Source data section start

(* With probability at least $1-\delta/4$, for all $1\le t\le T$ and all $\mathbf{x}\in\mathcal{X}$, \[ |\mu_{\mathrm{fb}[t]}(\mathbf{x})-\widetilde\mu_{\mathrm{fb}[t]}(\mathbf{x})|\le 2\hat K_0\frac{t^2(L+1)\varepsilon}{\sigma^4}\Big(B'+\sigma\sqrt{2\log(4T/\delta)}\Big). \]
   Context: $\mathcal{X}$ is a finite subset of the unit ball of $\mathbb{R}^d$; $f:\mathcal{X}\to\mathbb{R}$ with $|f(\mathbf{x})|\le B'$; observations $y_\tau=f(\mathbf{x}_\tau)+\zeta_\tau$ with $\zeta_\tau\sim\mathcal{N}(0,\sigma^2)$ i.i.d.; $\delta\in(0,1)$, $T$ is the horizon. $k$ is the exact NTK with $k\le K_0$, $\widetilde k(\mathbf{x},\mathbf{x}')=\langle\nabla_\theta f(\mathbf{x};\theta_0),\nabla_\theta f(\mathbf{x}';\theta_0)\rangle$ the empirical NTK of a network with $L+1$ layers; assume $|\widetilde k-k|\le(L+1)\varepsilon$ on $\mathcal{X}\times\mathcal{X}$, $(L+1)\varepsilon\le1$, $\sigma^2\le1$, $\hat K_0=\max\{1,K_0\}$. Queries are indexed sequentially and $\mathrm{fb}[t]\le t-1$ is the number of observed queries when $\mathbf{x}_t$ is chosen. $\mu_{\mathrm{fb}[t]}(\mathbf{x})=\mathbf{k}_t(\mathbf{x})^\top(\mathbf{K}_t+\sigma^2I)^{-1}\mathbf{y}_t$ with $\mathbf{k}_t(\mathbf{x})=(k(\mathbf{x},\mathbf{x}_\tau))_{\tau\le\mathrm{fb}[t]}$, $\mathbf{K}_t=(k(\mathbf{x}_\tau,\mathbf{x}_{\tau'}))_{\tau,\tau'\le\mathrm{fb}[t]}$, $\mathbf{y}_t=(y_\tau)_{\tau\le\mathrm{fb}[t]}$; $\widetilde\mu_{\mathrm{fb}[t]}$ is defined identically with $\widetilde k$. *)

From HB Require Import structures.
From mathcomp Require Import all_boot all_order all_algebra.
From mathcomp Require Import all_classical all_reals all_analysis.
From mathcomp Require Import probability normal_distribution.
Set Implicit Arguments. Unset Strict Implicit. Unset Printing Implicit Defensive.
Import Order.TTheory GRing.Theory Num.Theory.
Local Open Scope classical_set_scope.
Local Open Scope ring_scope.

Definition kernel_sym (R : realType) (X : Type) (k : X -> X -> R) :=
  forall x x', k x x' = k x' x.

Definition kernel_psd (R : realType) (X : Type) (k : X -> X -> R) :=
  forall (n : nat) (xs : 'I_n -> X) (c : 'I_n -> R),
    0 <= \sum_(i < n) \sum_(j < n) c i * c j * k (xs i) (xs j).

(* empirical NTK: inner product of the gradient features g x = grad_theta f(x; theta_0) *)
Definition emp_kernel (R : realType) (X : Type) (p : nat) (g : X -> 'rV[R]_p)
  (x x' : X) : R := (g x *m (g x')^T) 0 0.

(* GP posterior mean  k_n(x)^T (K_n + s2 I)^{-1} y_n  built from n observations
   (xs i, ys i), i < n  (i corresponds to the query index i+1). *)
Definition gp_mean (R : realType) (X : Type) (k : X -> X -> R) (s2 : R) (n : nat)
  (xs : 'I_n -> X) (ys : 'I_n -> R) (x : X) : R :=
  ((\row_(i < n) k x (xs i))
     *m invmx ((\matrix_(i < n, j < n) k (xs i) (xs j)) + s2%:M)
     *m (\col_(i < n) ys i)) 0 0.

Definition mu_fb (R : realType) (d : measure_display) (Omega : measurableType d)
  (X : Type) (k : X -> X -> R) (sigma : R) (f : X -> R)
  (zeta : nat -> Omega -> R) (xq : nat -> Omega -> X) (fb : nat -> Omega -> nat)
  (t : nat) (w : Omega) (x : X) : R :=
  gp_mean k (sigma ^+ 2) (fun i : 'I_(fb t w) => xq i.+1 w)
    (fun i : 'I_(fb t w) => f (xq i.+1 w) + zeta i.+1 w) x.

(* X has law N(0, sigma^2)  (normal_prob m s has standard deviation s) *)
Definition normal_law (R : realType) (d : measure_display) (Omega : measurableType d)
  (P : probability Omega R) (Z : Omega -> R) (sigma : R) :=
  forall A : set R, measurable A -> P (Z @^-1` A) = normal_prob 0 sigma A.

(* mutual independence of zeta_1, ..., zeta_T (product rule over the whole
   family; taking A j = setT recovers every subfamily) *)
Definition mutually_independent (R : realType) (d : measure_display)
  (Omega : measurableType d) (P : probability Omega R)
  (zeta : nat -> Omega -> R) (T : nat) :=
  forall A : nat -> set R, (forall j, measurable (A j)) ->
    P (\bigcap_(j in [set j : nat | (1 <= j <= T)%N]) (zeta j @^-1` A j)) =
    (\prod_(1 <= j < T.+1) P (zeta j @^-1` A j))%E.

(* Off an event of probability at most delta/4, every noise value satisfies
   |zeta_tau| <= c := sigma sqrt(2 ln(4T/delta)): the Gaussian tail bound
   P(|zeta| > c) <= exp(-c^2 / 2 sigma^2) = delta/(4T), obtained by comparing
   the density on [c, +oo[ with exp(-c^2/2 sigma^2) times the density centred
   at c, and a union bound over tau <= T.  On that event the observations are
   bounded by Y := B' + c and the claim is deterministic.  With PSD Gram
   matrices K1, K2 and s2 = sigma^2, the matrices Ki + s2 I are invertible
   with s2 |v| <= |(Ki + s2 I) v|.  Writing a, b for the two solved systems,
   mu1 - mu2 = (k1 - k2)(x)^T a + k2(x)^T (a - b) and
   (K1 + s2 I)(a - b) = (K2 - K1) b, so Cauchy-Schwarz with the entrywise
   kernel error (L+1) eps gives
   |mu1 - mu2| <= n e Y / s2 + n^2 (K0 + e) e Y / s2^2, where n = fb[t] < t
   and K0 + e bounds the empirical kernel (again by Cauchy-Schwarz on the
   gradient features). *)

From HB Require Import structures.
From mathcomp Require Import all_boot all_order all_algebra.
From mathcomp Require Import all_classical all_reals all_analysis.
From mathcomp Require Import probability normal_distribution measurable_realfun.
From mathcomp Require Import ring lra.
Import Order.TTheory GRing.Theory Num.Theory.
Local Open Scope classical_set_scope.
Local Open Scope ring_scope.
(* Every regular locally almost arcwise connected topological space is locally connected.
   Context: Two sets $A,B$ are joined by an arc in a set $S$ if there is a continuous $\gamma:[0,1]\to X$ with $\gamma([0,1])\subseteq S$, $\gamma(0)\in A$, $\gamma(1)\in B$. $X$ is locally almost arcwise connected at $x$ if for every neighborhood $V$ of $x$ there is a neighborhood $U\subseteq V$ of $x$ such that each pair of nonempty open subsets of $U$ can be joined by an arc in $\overline V$; locally almost arcwise connected means this holds at every point. *)

From Stdlib Require Import Reals.
Open Scope R_scope.

Set Implicit Arguments.

Record topology (X : Type) := Topology {
  open : (X -> Prop) -> Prop;
  open_full : open (fun _ => True);
  open_inter : forall A B, open A -> open B -> open (fun x => A x /\ B x);
  open_union : forall F : (X -> Prop) -> Prop,
      (forall A, F A -> open A) -> open (fun x => exists A, F A /\ A x)
}.

Section Topo.
Variables (X : Type) (T : topology X).

Definition closed (F : X -> Prop) : Prop := open T (fun x => ~ F x).

Definition nbhd (x : X) (N : X -> Prop) : Prop :=
  exists O, open T O /\ O x /\ (forall y, O y -> N y).

Definition closure (S : X -> Prop) : X -> Prop :=
  fun y => forall O, open T O -> O y -> exists z, O z /\ S z.

Definition subset (A B : X -> Prop) : Prop := forall x, A x -> B x.

(* Regular: points and closed sets not containing them are separated by
   disjoint open sets (no T1 assumption). *)
Definition regular : Prop :=
  forall (x : X) (F : X -> Prop), closed F -> ~ F x ->
    exists U V, open T U /\ open T V /\ U x /\ subset F V /\
      (forall y, U y -> V y -> False).

Definition connected (S : X -> Prop) : Prop :=
  forall A B, open T A -> open T B -> subset S (fun x => A x \/ B x) ->
    (exists x, S x /\ A x) -> (exists x, S x /\ B x) ->
    exists x, S x /\ A x /\ B x.

Definition continuous_on_unit (g : R -> X) : Prop :=
  forall O, open T O -> forall t, 0 <= t <= 1 -> O (g t) ->
    exists eps, 0 < eps /\
      forall s, 0 <= s <= 1 -> Rabs (s - t) < eps -> O (g s).

Definition joined_by_arc_in (A B S : X -> Prop) : Prop :=
  exists g : R -> X, continuous_on_unit g /\
    (forall t, 0 <= t <= 1 -> S (g t)) /\ A (g 0) /\ B (g 1).

Definition loc_almost_arcwise_connected_at (x : X) : Prop :=
  forall V, nbhd x V -> exists U, nbhd x U /\ subset U V /\
    forall A B, open T A -> open T B -> subset A U -> subset B U ->
      (exists a, A a) -> (exists b, B b) ->
      joined_by_arc_in A B (closure V).

Definition loc_almost_arcwise_connected : Prop :=
  forall x, loc_almost_arcwise_connected_at x.

Definition locally_connected : Prop :=
  forall x V, open T V -> V x ->
    exists U, open T U /\ U x /\ subset U V /\ connected U.

End Topo.

(* Around a point y of an open set V, regularity gives an open W with y in W
   and closure W inside V, and local almost arcwise connectedness gives an
   open O with y in O such that any two nonempty open parts of O are joined
   by an arc in closure W.  The union of O with all these arcs is connected
   and lies in V, so X is weakly locally connected; hence components of open
   sets are open and X is locally connected. *)
From Stdlib Require Import Reals Lra Classical FunctionalExtensionality PropExtensionality.
Open Scope R_scope.

Section LocallyConnected.
Variables (X : Type) (T : topology X).

Definition arc_of (A B S : X -> Prop) (g : R -> X) : Prop :=
  continuous_on_unit T g /\ (forall t, 0 <= t <= 1 -> S (g t)) /\ A (g 0) /\ B (g 1).

Definition arc_image (g : R -> X) : X -> Prop :=
  fun w => exists t, 0 <= t <= 1 /\ g t = w.

Definition weakly_locally_connected : Prop :=
  forall y V, open T V -> V y ->
    exists O L, open T O /\ O y /\ subset O L /\ connected T L /\ subset L V.

Definition component_in (V : X -> Prop) (x : X) : X -> Prop :=
  fun z => exists C, connected T C /\ subset C V /\ C x /\ C z.

Lemma subset_closure (S : X -> Prop) : subset S (closure T S).
Proof. intros z Sz O _ Oz; exists z; auto. Qed.

Lemma open_of_local (S : X -> Prop) :
  (forall y, S y -> exists O, open T O /\ O y /\ subset O S) -> open T S.
Proof.
  intros Hloc.
  replace S with (fun x => exists A, (open T A /\ subset A S) /\ A x).
  - apply open_union; intros A [HA _]; exact HA.
  - apply functional_extensionality; intro x; apply propositional_extensionality; split.
    + intros [A [[_ HAS] Ax]]; auto.
    + intros Sx; destruct (Hloc x Sx) as [O [HO [Ox HOS]]]; eauto.
Qed.

Lemma regular_closure_nbhd (V : X -> Prop) (y : X) :
  regular T -> open T V -> V y ->
  exists W, open T W /\ W y /\ subset (closure T W) V.
Proof.
  intros Hreg HV Vy.
  assert (Hcl : closed T (fun x => ~ V x)).
  { unfold closed; replace (fun x => ~ ~ V x) with V; [exact HV|].
    apply functional_extensionality; intro x; apply propositional_extensionality.
    split; [auto | apply NNPP]. }
  destruct (Hreg y _ Hcl ltac:(auto)) as [U [U' [HU [HU' [Uy [HsU' Hdisj]]]]]].
  exists U; repeat split; auto.
  intros z Hz; apply NNPP; intro nVz.
  destruct (Hz U' HU' (HsU' z nVz)) as [w [U'w Uw]]; eauto.
Qed.

Lemma connected_singleton (x : X) : connected T (fun w => w = x).
Proof. intros A B _ _ _ [a [-> Aa]] [b [-> Bb]]; exists x; auto. Qed.

Lemma connected_bigcup (F : (X -> Prop) -> Prop) (p : X) :
  (forall C, F C -> connected T C /\ C p) ->
  connected T (fun z => exists C, F C /\ C z).
Proof.
  intros HF A B HA HB Hcov [a [[Ca [FCa Caa]] Aa]] [b [[Cb [FCb Cbb]] Bb]].
  assert (cross : forall C, F C -> (exists x, C x /\ A x) -> (exists x, C x /\ B x) ->
            exists x, (exists C, F C /\ C x) /\ A x /\ B x).
  { intros C FC CA CB; destruct (HF C FC) as [HC _].
    destruct (HC A B HA HB) as [x [Cx ABx]]; eauto.
    intros x Cx; apply Hcov; eauto. }
  destruct (HF Ca FCa) as [_ Cap]; destruct (HF Cb FCb) as [_ Cbp].
  destruct (Hcov p) as [Ap | Bp]; [exists Ca; auto | |].
  - apply (cross Cb); eauto.
  - apply (cross Ca); eauto.
Qed.

Lemma connected_union2 (C1 C2 : X -> Prop) (p : X) :
  connected T C1 -> connected T C2 -> C1 p -> C2 p ->
  connected T (fun w => C1 w \/ C2 w).
Proof.
  intros H1 H2 P1 P2 A B HA HB Hcov EA EB.
  assert (Hu : connected T (fun z => exists C, (C = C1 \/ C = C2) /\ C z)).
  { apply connected_bigcup with p; intros C [-> | ->]; auto. }
  destruct (Hu A B HA HB) as [x [[C [[-> | ->] Cx]] ABx]].
  - intros x [C [[-> | ->] Cx]]; auto.
  - destruct EA as [a [[C1a | C2a] Aa]];
      [exists a; split; [exists C1|] | exists a; split; [exists C2|]]; auto.
  - destruct EB as [b [[C1b | C2b] Bb]];
      [exists b; split; [exists C1|] | exists b; split; [exists C2|]]; auto.
  - exists x; auto.
  - exists x; auto.
Qed.

Lemma component_in_connected (V : X -> Prop) (x : X) :
  connected T (component_in V x).
Proof.
  intros A B HA HB Hcov EA EB.
  destruct (connected_bigcup (fun C => connected T C /\ subset C V /\ C x) x)
    with A B as [z [[C [[HC [HCV Cx]] Cz]] ABz]].
  - intros C [HC [_ Cx]]; auto.
  - exact HA.
  - exact HB.
  - intros z [C [[HC [HCV Cx]] Cz]]; apply Hcov; exists C; auto.
  - destruct EA as [a [[C [HC [HCV [Cx Ca]]]] Aa]]; exists a; split; eauto.
  - destruct EB as [b [[C [HC [HCV [Cx Cb]]]] Bb]]; exists b; split; eauto.
  - exists z; split; [exists C|]; auto.
Qed.

(* The first exit time c of g from A after a is the crossing point: g c lies
   in A (if A contains g on a neighbourhood of c, c is not the supremum) or in
   B, and in the latter case times slightly before c are in both. *)
Lemma arc_crossing (g : R -> X) (A B : X -> Prop) (a b : R) :
  continuous_on_unit T g -> open T A -> open T B ->
  (forall t, 0 <= t <= 1 -> A (g t) \/ B (g t)) ->
  0 <= a -> a <= b -> b <= 1 -> A (g a) -> B (g b) ->
  exists t, 0 <= t <= 1 /\ A (g t) /\ B (g t).
Proof.
  intros Hg HA HB Hcov Ha0 Hab Hb1 Aa Bb.
  set (E := fun t => a <= t <= b /\ forall s, a <= s <= t -> A (g s)).
  assert (Ea : E a).
  { split; [lra|]; intros s Hs; replace s with a by lra; exact Aa. }
  destruct (completeness E) as [c [Hub Hlub]].
  { exists b; intros t [Ht _]; lra. }
  { exists a; exact Ea. }
  assert (Hac : a <= c) by (apply Hub, Ea).
  assert (Hcb : c <= b) by (apply Hlub; intros t [Ht _]; lra).
  assert (A_before_c : forall s, a <= s < c -> A (g s)).
  { intros s Hs; apply NNPP; intro nAs.
    assert (c <= s); [|lra].
    apply Hlub; intros t [Ht HtA]; apply Rnot_lt_le; intro Hst; apply nAs, HtA; lra. }
  destruct (Hcov c ltac:(lra)) as [Ac | Bc].
  - destruct (Req_dec c b) as [-> | Hcb'].
    + exists b; repeat split; auto; lra.
    + exfalso.
      destruct (Hg A HA c ltac:(lra) Ac) as [eps [Heps HAc]].
      set (d := Rmin b (c + eps / 2)).
      assert (Hd : c < d <= b /\ d <= c + eps / 2).
      { unfold d, Rmin; destruct Rle_dec; lra. }
      assert (Ed : E d).
      { split; [lra|]; intros s Hs; destruct (Rlt_dec s c).
        - apply A_before_c; lra.
        - apply HAc; [lra | apply Rabs_def1; lra]. }
      specialize (Hub d Ed); lra.
  - destruct (classic (A (g c))) as [Ac | nAc].
    + exists c; repeat split; auto; lra.
    + assert (a < c) by (destruct (Req_dec a c) as [<- |]; [contradiction | lra]).
      destruct (Hg B HB c ltac:(lra) Bc) as [eps [Heps HBc]].
      set (s := Rmax a (c - eps / 2)).
      assert (Hs : a <= s < c /\ c - eps / 2 <= s).
      { unfold s, Rmax; destruct Rle_dec; lra. }
      exists s; repeat split; try lra.
      * apply A_before_c; lra.
      * apply HBc; [lra | apply Rabs_def1; lra].
Qed.

Lemma connected_arc_image (g : R -> X) :
  continuous_on_unit T g -> connected T (arc_image g).
Proof.
  intros Hg A B HA HB Hcov [_ [[s [Hs <-]] As]] [_ [[s' [Hs' <-]] Bs']].
  assert (Hcov' : forall t, 0 <= t <= 1 -> A (g t) \/ B (g t)).
  { intros t Ht; apply Hcov; exists t; auto. }
  assert (Himg : forall t, 0 <= t <= 1 -> A (g t) -> B (g t) ->
            exists x, arc_image g x /\ A x /\ B x).
  { intros t Ht At Bt; exists (g t); split; [exists t|]; auto. }
  destruct (Rle_dec s s').
  - destruct (arc_crossing g A B s s') as [t [Ht [At Bt]]]; auto; try lra.
    apply (Himg t); auto.
  - destruct (arc_crossing g B A s' s) as [t [Ht [Bt At]]]; auto; try lra.
    + intros t Ht; destruct (Hcov' t Ht); auto.
    + apply (Himg t); auto.
Qed.

Lemma connected_of_links (L O : X -> Prop) :
  (forall z, L z -> exists C, connected T C /\ subset C L /\ C z /\ exists w, C w /\ O w) ->
  (forall A B, open T A -> open T B -> (exists a, O a /\ A a) -> (exists b, O b /\ B b) ->
     exists C, connected T C /\ subset C L /\
       (exists a, C a /\ A a) /\ (exists b, C b /\ B b)) ->
  connected T L.
Proof.
  intros Hpts Hlink A B HA HB Hcov [a [La Aa]] [b [Lb Bb]].
  assert (cross : forall C, connected T C -> subset C L ->
            (exists x, C x /\ A x) -> (exists x, C x /\ B x) ->
            exists x, L x /\ A x /\ B x).
  { intros C HC HCL CA CB.
    destruct (HC A B HA HB) as [x [Cx ABx]]; auto.
    - intros x Cx; apply Hcov, HCL, Cx.
    - exists x; auto. }
  destruct (Hpts a La) as [Ca [HCa [HCaL [Caa [wa [Cwa Owa]]]]]].
  destruct (Hpts b Lb) as [Cb [HCb [HCbL [Cbb [wb [Cwb Owb]]]]]].
  destruct (Hcov wa (HCaL wa Cwa)) as [Awa | Bwa]; [|apply (cross Ca); eauto].
  destruct (Hcov wb (HCbL wb Cwb)) as [Awb | Bwb]; [apply (cross Cb); eauto|].
  destruct (Hlink A B HA HB) as [C [HC [HCL [CA CB]]]].
  - exists wa; auto.
  - exists wb; auto.
  - apply (cross C); auto.
Qed.

Lemma weakly_locally_connected_of_laac :
  regular T -> loc_almost_arcwise_connected T -> weakly_locally_connected.
Proof.
  intros Hreg Hlaac y V HV Vy.
  destruct (regular_closure_nbhd V y Hreg HV Vy) as [W [HW [Wy HclWV]]].
  destruct (Hlaac y W) as [U [[O [HO [Oy HOU]]] [HUW Harc]]].
  { exists W; repeat split; auto. }
  set (L := fun w => O w \/ exists g, arc_of O O (closure T W) g /\ arc_image g w).
  assert (arc_in_L : forall g, arc_of O O (closure T W) g -> subset (arc_image g) L).
  { intros g Hg w Hw; right; exists g; auto. }
  exists O, L; repeat split; auto.
  - intros w Ow; left; exact Ow.
  - apply (connected_of_links L O).
    + intros z [Oz | [g [Hg Hz]]].
      * exists (fun w => w = z); repeat split.
        -- apply connected_singleton.
        -- intros w ->; left; exact Oz.
        -- exists z; auto.
      * pose proof Hg as [Hgc [_ [O0 _]]].
        exists (arc_image g); split; [|split; [|split]].
        -- apply connected_arc_image, Hgc.
        -- apply arc_in_L, Hg.
        -- exact Hz.
        -- exists (g 0); split; [exists 0; split; [lra | reflexivity] | exact O0].
    + intros A B HA HB [a [Oa Aa]] [b [Ob Bb]].
      assert (Hjoin : joined_by_arc_in T (fun w => O w /\ A w) (fun w => O w /\ B w)
                        (closure T W)).
      { apply Harc.
        - apply open_inter; auto.
        - apply open_inter; auto.
        - intros w [Ow _]; apply HOU, Ow.
        - intros w [Ow _]; apply HOU, Ow.
        - exists a; auto.
        - exists b; auto. }
      destruct Hjoin as [g [Hgc [HgW [[O0 A0] [O1 B1]]]]].
      exists (arc_image g); repeat split.
      * apply connected_arc_image, Hgc.
      * apply arc_in_L; repeat split; auto.
      * exists (g 0); split; [exists 0; split; [lra | reflexivity] | exact A0].
      * exists (g 1); split; [exists 1; split; [lra | reflexivity] | exact B1].
  - intros w [Ow | [g [[_ [HgW _]] [t [Ht <-]]]]]; apply HclWV.
    + apply subset_closure, HUW, HOU, Ow.
    + apply HgW, Ht.
Qed.

Lemma locally_connected_of_weakly :
  weakly_locally_connected -> locally_connected T.
Proof.
  intros Hwlc x V HV Vx.
  exists (component_in V x); repeat split.
  - apply open_of_local; intros y [C [HC [HCV [Cx Cy]]]].
    destruct (Hwlc y V HV (HCV y Cy)) as [O [L [HO [Oy [HOL [HL HLV]]]]]].
    exists O; repeat split; auto.
    intros z Oz; exists (fun w => C w \/ L w); repeat split; auto.
    + apply (connected_union2 C L y); auto.
    + intros w [Cw | Lw]; auto.
  - exists (fun w => w = x); repeat split.
    + apply connected_singleton.
    + intros w ->; exact Vx.
  - intros z [C [_ [HCV [_ Cz]]]]; auto.
  - apply component_in_connected.
Qed.

End LocallyConnected.

Theorem mainTheorem12 (X : Type) (T : topology X) :
  regular T -> loc_almost_arcwise_connected T -> locally_connected T.
Proof.
  intros Hreg Hlaac.
  apply locally_connected_of_weakly, weakly_locally_connected_of_laac; assumption.
Qed.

Source data section end

Look above for the line holding "and lies in". Print it and every line after it, exactly, through the line holding "Lemma open_of_local (S".

* **Solved problem**
   and lies in V, so X is weakly locally connected; hence components of open
   sets are open and X is locally connected. *)
From Stdlib Require Import Reals Lra Classical FunctionalExtensionality PropExtensionality.
Open Scope R_scope.

Section LocallyConnected.
Variables (X : Type) (T : topology X).

Definition arc_of (A B S : X -> Prop) (g : R -> X) : Prop :=
  continuous_on_unit T g /\ (forall t, 0 <= t <= 1 -> S (g t)) /\ A (g 0) /\ B (g 1).

Definition arc_image (g : R -> X) : X -> Prop :=
  fun w => exists t, 0 <= t <= 1 /\ g t = w.

Definition weakly_locally_connected : Prop :=
  forall y V, open T V -> V y ->
    exists O L, open T O /\ O y /\ subset O L /\ connected T L /\ subset L V.

Definition component_in (V : X -> Prop) (x : X) : X -> Prop :=
  fun z => exists C, connected T C /\ subset C V /\ C x /\ C z.

Lemma subset_closure (S : X -> Prop) : subset S (closure T S).
Proof. intros z Sz O _ Oz; exists z; auto. Qed.

Lemma open_of_local (S : X -> Prop) :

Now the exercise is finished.